→ Available data
=== Begin Enclosure ===
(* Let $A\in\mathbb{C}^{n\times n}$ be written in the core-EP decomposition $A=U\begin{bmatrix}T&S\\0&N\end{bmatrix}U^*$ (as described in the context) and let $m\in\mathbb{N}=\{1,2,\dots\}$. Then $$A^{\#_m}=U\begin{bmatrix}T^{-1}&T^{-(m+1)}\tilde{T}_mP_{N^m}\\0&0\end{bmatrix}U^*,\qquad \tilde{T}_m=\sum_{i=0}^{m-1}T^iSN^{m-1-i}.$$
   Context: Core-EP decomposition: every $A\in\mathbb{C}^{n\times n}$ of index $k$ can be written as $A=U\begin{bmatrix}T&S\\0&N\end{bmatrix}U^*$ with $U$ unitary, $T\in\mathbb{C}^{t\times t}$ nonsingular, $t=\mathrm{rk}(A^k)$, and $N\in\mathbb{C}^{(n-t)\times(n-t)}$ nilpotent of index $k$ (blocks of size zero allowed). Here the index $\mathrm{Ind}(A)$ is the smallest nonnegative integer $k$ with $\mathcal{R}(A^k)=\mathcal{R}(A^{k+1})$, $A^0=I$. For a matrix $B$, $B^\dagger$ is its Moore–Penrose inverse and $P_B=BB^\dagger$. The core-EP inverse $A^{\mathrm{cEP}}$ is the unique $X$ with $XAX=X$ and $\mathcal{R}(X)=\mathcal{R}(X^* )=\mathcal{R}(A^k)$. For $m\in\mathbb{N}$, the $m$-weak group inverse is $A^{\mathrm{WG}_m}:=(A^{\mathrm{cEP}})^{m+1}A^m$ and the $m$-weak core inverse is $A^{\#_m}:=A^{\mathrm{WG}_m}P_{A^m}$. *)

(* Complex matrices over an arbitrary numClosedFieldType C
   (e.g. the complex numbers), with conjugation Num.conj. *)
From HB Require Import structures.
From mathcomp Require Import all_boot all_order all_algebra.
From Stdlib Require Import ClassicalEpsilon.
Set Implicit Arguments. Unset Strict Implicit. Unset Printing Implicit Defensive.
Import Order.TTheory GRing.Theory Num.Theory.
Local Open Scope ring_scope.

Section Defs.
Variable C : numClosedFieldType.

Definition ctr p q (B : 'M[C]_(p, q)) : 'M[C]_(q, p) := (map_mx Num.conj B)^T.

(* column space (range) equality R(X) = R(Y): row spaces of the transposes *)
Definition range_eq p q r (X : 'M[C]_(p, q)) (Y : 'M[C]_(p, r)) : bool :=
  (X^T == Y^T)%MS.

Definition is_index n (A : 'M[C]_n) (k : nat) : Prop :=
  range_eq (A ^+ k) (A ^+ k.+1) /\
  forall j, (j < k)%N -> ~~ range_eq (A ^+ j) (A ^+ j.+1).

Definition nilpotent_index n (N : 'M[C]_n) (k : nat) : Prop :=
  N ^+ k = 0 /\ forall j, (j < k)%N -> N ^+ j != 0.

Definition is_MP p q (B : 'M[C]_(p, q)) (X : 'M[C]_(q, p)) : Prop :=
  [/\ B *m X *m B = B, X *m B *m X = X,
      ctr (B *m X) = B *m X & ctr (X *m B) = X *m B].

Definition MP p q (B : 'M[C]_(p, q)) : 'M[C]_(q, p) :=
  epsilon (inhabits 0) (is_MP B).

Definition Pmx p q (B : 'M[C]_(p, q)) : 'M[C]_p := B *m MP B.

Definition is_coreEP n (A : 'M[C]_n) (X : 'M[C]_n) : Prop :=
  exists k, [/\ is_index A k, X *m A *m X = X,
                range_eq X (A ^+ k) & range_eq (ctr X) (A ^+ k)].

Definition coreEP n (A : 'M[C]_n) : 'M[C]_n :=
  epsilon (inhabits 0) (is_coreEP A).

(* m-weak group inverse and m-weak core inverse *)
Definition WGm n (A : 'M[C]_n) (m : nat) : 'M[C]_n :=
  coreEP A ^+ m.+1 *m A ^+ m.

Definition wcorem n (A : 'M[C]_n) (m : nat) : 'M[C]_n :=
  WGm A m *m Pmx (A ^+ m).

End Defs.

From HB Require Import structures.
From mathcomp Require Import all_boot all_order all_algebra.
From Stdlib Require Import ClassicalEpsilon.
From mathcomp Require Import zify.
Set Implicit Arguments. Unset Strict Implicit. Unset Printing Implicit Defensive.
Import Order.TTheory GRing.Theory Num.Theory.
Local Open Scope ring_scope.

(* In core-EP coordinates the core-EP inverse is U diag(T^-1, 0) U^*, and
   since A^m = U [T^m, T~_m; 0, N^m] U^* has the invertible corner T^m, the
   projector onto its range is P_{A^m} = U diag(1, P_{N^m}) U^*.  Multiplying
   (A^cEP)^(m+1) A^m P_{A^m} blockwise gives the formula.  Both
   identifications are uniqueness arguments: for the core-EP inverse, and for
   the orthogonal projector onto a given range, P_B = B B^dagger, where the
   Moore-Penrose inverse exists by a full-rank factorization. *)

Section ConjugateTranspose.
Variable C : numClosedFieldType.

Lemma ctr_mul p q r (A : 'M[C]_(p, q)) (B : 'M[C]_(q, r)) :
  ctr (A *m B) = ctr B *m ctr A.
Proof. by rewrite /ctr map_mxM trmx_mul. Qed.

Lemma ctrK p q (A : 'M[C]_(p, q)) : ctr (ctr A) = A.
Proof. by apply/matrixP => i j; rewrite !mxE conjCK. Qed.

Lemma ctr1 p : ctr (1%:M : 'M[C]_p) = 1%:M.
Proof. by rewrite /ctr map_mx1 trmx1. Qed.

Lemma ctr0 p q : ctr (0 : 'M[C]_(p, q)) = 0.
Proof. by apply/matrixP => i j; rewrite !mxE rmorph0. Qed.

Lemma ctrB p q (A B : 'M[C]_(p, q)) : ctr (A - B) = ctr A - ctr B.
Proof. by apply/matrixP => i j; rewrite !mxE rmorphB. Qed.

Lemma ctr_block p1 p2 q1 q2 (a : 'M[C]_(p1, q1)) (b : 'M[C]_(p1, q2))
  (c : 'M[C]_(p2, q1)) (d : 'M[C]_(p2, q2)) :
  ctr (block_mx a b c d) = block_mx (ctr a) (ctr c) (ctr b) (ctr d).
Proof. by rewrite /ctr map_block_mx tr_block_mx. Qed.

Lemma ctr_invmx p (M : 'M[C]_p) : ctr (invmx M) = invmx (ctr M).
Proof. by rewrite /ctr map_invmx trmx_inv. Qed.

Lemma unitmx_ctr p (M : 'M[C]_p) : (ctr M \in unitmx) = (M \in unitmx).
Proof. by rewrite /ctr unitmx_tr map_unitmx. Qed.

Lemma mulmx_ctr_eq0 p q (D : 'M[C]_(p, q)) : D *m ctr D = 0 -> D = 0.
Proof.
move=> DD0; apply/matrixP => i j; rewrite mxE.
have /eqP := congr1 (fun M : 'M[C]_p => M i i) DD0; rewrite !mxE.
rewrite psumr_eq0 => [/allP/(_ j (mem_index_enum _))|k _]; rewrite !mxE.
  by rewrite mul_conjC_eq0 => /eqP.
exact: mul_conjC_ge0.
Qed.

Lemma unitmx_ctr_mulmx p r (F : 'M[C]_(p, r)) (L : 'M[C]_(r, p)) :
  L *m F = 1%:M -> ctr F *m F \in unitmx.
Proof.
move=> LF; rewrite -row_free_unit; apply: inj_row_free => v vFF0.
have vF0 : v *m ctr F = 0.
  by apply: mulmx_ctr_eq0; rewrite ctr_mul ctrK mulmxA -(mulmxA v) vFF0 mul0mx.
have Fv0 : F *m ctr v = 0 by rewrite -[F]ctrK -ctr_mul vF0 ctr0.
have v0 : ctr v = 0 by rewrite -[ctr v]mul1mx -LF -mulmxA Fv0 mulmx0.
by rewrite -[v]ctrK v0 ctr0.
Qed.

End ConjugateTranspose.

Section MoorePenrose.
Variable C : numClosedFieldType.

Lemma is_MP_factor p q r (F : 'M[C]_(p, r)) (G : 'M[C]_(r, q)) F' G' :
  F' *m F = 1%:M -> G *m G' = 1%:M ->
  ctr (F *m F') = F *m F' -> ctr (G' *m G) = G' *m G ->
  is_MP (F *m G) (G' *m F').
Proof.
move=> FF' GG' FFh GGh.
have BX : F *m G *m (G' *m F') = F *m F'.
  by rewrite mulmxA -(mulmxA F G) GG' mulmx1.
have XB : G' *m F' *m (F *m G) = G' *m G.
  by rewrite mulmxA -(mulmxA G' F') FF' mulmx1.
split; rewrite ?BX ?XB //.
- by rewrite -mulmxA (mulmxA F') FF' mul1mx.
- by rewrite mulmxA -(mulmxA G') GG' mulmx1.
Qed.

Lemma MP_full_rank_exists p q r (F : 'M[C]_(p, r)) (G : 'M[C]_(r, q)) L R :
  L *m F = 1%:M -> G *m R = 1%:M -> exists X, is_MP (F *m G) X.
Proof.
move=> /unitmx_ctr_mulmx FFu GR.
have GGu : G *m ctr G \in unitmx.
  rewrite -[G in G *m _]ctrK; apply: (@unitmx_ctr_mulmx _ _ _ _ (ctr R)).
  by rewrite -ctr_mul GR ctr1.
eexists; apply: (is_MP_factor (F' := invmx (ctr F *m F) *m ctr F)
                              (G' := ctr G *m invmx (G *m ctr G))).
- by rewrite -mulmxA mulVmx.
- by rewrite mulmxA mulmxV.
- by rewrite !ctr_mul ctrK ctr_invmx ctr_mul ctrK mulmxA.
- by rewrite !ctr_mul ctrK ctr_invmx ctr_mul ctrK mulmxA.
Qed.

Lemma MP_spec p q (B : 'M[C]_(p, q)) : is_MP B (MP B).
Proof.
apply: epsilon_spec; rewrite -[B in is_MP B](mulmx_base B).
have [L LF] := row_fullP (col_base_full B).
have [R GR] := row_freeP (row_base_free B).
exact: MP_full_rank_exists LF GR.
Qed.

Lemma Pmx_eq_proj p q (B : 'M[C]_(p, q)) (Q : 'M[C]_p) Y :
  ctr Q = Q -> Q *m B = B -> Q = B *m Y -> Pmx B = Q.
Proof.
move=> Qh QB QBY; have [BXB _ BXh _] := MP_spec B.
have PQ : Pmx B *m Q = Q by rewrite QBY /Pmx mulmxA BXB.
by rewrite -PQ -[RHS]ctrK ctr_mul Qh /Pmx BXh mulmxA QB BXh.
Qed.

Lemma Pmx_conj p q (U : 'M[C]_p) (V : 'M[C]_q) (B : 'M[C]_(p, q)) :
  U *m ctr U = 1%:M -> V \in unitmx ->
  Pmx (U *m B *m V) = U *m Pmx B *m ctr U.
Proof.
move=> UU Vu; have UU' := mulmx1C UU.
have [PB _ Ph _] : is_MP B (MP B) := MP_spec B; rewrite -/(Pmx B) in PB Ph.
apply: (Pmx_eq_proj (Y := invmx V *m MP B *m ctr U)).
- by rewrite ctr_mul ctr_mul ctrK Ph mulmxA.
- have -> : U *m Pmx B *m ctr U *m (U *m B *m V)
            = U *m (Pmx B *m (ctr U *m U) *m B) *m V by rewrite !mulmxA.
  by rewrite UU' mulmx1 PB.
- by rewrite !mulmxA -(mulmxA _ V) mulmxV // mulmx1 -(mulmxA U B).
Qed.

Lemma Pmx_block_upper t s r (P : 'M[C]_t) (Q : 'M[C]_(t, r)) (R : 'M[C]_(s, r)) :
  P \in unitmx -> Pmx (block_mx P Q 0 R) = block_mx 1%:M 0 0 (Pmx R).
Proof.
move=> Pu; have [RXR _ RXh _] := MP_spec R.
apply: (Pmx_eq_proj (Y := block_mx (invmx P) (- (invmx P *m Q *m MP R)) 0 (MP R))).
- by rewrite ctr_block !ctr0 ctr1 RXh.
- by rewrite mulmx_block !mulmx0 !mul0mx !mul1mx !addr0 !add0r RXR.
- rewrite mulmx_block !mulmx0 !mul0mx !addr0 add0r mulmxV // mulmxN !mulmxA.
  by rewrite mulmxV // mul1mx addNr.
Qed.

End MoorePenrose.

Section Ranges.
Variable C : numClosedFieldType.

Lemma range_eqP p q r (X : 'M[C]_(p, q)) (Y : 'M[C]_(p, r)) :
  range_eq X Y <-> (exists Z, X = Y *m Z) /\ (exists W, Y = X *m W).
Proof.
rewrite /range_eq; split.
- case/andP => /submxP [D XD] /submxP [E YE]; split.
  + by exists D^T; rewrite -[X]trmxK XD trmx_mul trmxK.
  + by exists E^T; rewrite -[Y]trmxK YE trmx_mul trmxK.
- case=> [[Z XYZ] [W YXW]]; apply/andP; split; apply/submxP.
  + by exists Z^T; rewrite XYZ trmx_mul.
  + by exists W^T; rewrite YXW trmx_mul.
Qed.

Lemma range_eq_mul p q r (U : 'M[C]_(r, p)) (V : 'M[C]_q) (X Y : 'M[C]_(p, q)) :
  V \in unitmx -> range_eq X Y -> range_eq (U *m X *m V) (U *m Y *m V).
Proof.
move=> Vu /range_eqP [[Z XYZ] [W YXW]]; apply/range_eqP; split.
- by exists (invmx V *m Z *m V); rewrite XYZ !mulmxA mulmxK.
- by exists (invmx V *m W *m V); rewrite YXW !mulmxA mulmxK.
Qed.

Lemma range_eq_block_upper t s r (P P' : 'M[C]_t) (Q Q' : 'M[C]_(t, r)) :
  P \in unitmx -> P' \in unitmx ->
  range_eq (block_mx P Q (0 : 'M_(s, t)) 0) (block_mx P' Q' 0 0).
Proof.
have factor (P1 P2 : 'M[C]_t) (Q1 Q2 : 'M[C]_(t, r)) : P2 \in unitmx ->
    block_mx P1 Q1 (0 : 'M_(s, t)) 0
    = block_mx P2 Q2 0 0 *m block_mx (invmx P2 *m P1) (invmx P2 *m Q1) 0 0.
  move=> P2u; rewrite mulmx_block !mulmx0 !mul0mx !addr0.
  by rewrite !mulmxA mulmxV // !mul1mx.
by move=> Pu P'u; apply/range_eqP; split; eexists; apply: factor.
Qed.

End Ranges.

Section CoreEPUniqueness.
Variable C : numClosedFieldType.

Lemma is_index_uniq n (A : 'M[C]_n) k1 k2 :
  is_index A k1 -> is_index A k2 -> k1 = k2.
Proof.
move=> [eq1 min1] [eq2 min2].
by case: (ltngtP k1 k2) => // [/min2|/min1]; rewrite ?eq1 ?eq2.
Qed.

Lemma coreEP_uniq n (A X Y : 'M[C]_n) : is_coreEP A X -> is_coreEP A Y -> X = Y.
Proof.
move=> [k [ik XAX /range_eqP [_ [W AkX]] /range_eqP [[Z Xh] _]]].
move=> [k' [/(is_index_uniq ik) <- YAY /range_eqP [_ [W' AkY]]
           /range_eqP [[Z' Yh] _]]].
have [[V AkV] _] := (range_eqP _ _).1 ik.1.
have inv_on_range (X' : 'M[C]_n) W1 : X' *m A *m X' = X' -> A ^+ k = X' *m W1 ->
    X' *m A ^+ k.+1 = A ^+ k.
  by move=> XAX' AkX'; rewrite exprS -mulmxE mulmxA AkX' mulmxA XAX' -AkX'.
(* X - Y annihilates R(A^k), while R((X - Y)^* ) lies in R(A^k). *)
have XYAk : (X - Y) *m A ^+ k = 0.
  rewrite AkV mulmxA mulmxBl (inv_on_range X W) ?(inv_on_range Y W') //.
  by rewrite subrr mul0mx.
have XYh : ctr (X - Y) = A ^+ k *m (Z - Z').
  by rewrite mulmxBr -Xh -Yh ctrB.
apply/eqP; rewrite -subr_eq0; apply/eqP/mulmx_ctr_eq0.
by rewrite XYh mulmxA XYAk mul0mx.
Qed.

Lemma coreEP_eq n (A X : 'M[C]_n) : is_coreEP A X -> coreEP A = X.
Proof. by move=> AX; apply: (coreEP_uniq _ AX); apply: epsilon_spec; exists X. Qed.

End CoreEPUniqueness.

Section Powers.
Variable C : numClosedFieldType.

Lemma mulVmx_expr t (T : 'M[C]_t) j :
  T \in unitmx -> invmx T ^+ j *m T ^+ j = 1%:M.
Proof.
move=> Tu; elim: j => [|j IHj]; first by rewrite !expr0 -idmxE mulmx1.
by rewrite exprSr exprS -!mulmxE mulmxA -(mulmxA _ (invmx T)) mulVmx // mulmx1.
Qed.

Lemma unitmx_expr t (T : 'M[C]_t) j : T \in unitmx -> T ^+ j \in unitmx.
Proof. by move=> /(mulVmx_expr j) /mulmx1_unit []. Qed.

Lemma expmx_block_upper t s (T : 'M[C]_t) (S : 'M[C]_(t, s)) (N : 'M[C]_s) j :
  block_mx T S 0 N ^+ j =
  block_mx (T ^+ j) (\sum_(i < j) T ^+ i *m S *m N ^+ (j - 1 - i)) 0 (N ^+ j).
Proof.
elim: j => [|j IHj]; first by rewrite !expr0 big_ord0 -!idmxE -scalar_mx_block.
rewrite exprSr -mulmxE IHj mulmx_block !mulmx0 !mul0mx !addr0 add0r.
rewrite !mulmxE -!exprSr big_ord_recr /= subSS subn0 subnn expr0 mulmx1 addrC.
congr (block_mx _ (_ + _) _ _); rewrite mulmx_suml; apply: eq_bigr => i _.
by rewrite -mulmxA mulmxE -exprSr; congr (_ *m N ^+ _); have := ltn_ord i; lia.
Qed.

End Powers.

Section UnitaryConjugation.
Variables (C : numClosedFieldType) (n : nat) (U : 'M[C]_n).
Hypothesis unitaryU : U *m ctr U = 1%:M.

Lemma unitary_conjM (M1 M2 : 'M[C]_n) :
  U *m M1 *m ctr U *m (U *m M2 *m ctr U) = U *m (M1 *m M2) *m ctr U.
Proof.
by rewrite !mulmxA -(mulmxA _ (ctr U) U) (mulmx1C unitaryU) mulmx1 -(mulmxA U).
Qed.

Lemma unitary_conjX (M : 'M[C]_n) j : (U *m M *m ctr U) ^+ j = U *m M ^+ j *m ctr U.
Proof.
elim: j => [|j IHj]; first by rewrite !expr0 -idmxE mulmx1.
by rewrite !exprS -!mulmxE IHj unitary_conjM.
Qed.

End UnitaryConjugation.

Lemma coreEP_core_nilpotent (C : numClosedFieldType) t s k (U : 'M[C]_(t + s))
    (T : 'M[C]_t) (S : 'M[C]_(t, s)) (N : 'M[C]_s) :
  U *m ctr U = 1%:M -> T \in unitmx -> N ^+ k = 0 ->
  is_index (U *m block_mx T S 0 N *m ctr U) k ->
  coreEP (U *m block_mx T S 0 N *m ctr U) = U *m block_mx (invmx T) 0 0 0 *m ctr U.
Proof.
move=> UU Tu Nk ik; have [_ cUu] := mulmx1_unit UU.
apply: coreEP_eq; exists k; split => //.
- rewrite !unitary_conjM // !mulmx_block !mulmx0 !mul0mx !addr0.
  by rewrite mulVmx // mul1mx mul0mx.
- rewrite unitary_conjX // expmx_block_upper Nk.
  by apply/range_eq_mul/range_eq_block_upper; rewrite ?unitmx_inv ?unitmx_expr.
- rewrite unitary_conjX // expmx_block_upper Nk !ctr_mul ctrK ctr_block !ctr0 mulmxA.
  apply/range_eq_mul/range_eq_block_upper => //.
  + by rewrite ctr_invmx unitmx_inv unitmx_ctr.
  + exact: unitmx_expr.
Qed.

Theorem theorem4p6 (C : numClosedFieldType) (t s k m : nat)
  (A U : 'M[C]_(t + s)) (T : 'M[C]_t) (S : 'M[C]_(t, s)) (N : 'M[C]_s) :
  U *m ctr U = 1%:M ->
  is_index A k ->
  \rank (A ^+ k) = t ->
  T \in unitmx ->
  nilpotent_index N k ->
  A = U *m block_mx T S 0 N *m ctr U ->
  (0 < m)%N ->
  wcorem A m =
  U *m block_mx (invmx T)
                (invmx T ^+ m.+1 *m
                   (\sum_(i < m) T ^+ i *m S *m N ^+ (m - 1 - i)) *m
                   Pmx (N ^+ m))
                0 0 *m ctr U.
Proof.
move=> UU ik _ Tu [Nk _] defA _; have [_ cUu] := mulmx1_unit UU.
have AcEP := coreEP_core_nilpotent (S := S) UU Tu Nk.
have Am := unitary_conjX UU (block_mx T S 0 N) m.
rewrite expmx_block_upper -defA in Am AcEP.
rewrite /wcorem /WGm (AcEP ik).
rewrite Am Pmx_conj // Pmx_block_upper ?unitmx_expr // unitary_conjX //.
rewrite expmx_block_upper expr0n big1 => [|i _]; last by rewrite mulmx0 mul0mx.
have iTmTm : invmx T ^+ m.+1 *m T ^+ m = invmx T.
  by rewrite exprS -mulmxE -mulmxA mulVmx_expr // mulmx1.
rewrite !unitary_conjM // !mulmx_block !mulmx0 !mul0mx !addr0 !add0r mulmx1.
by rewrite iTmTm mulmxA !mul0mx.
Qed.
=== End Enclosure ===
→ Brief
From the listing above, return the lines starting at the one with "Proof. by move=> AX;" and ending at the one with "block_mx T S 0 N ^+", both kept, exactly as they appear and nothing more.

→ Written solution
Proof. by move=> AX; apply: (coreEP_uniq _ AX); apply: epsilon_spec; exists X. Qed.

End CoreEPUniqueness.

Section Powers.
Variable C : numClosedFieldType.

Lemma mulVmx_expr t (T : 'M[C]_t) j :
  T \in unitmx -> invmx T ^+ j *m T ^+ j = 1%:M.
Proof.
move=> Tu; elim: j => [|j IHj]; first by rewrite !expr0 -idmxE mulmx1.
by rewrite exprSr exprS -!mulmxE mulmxA -(mulmxA _ (invmx T)) mulVmx // mulmx1.
Qed.

Lemma unitmx_expr t (T : 'M[C]_t) j : T \in unitmx -> T ^+ j \in unitmx.
Proof. by move=> /(mulVmx_expr j) /mulmx1_unit []. Qed.

Lemma expmx_block_upper t s (T : 'M[C]_t) (S : 'M[C]_(t, s)) (N : 'M[C]_s) j :
  block_mx T S 0 N ^+ j =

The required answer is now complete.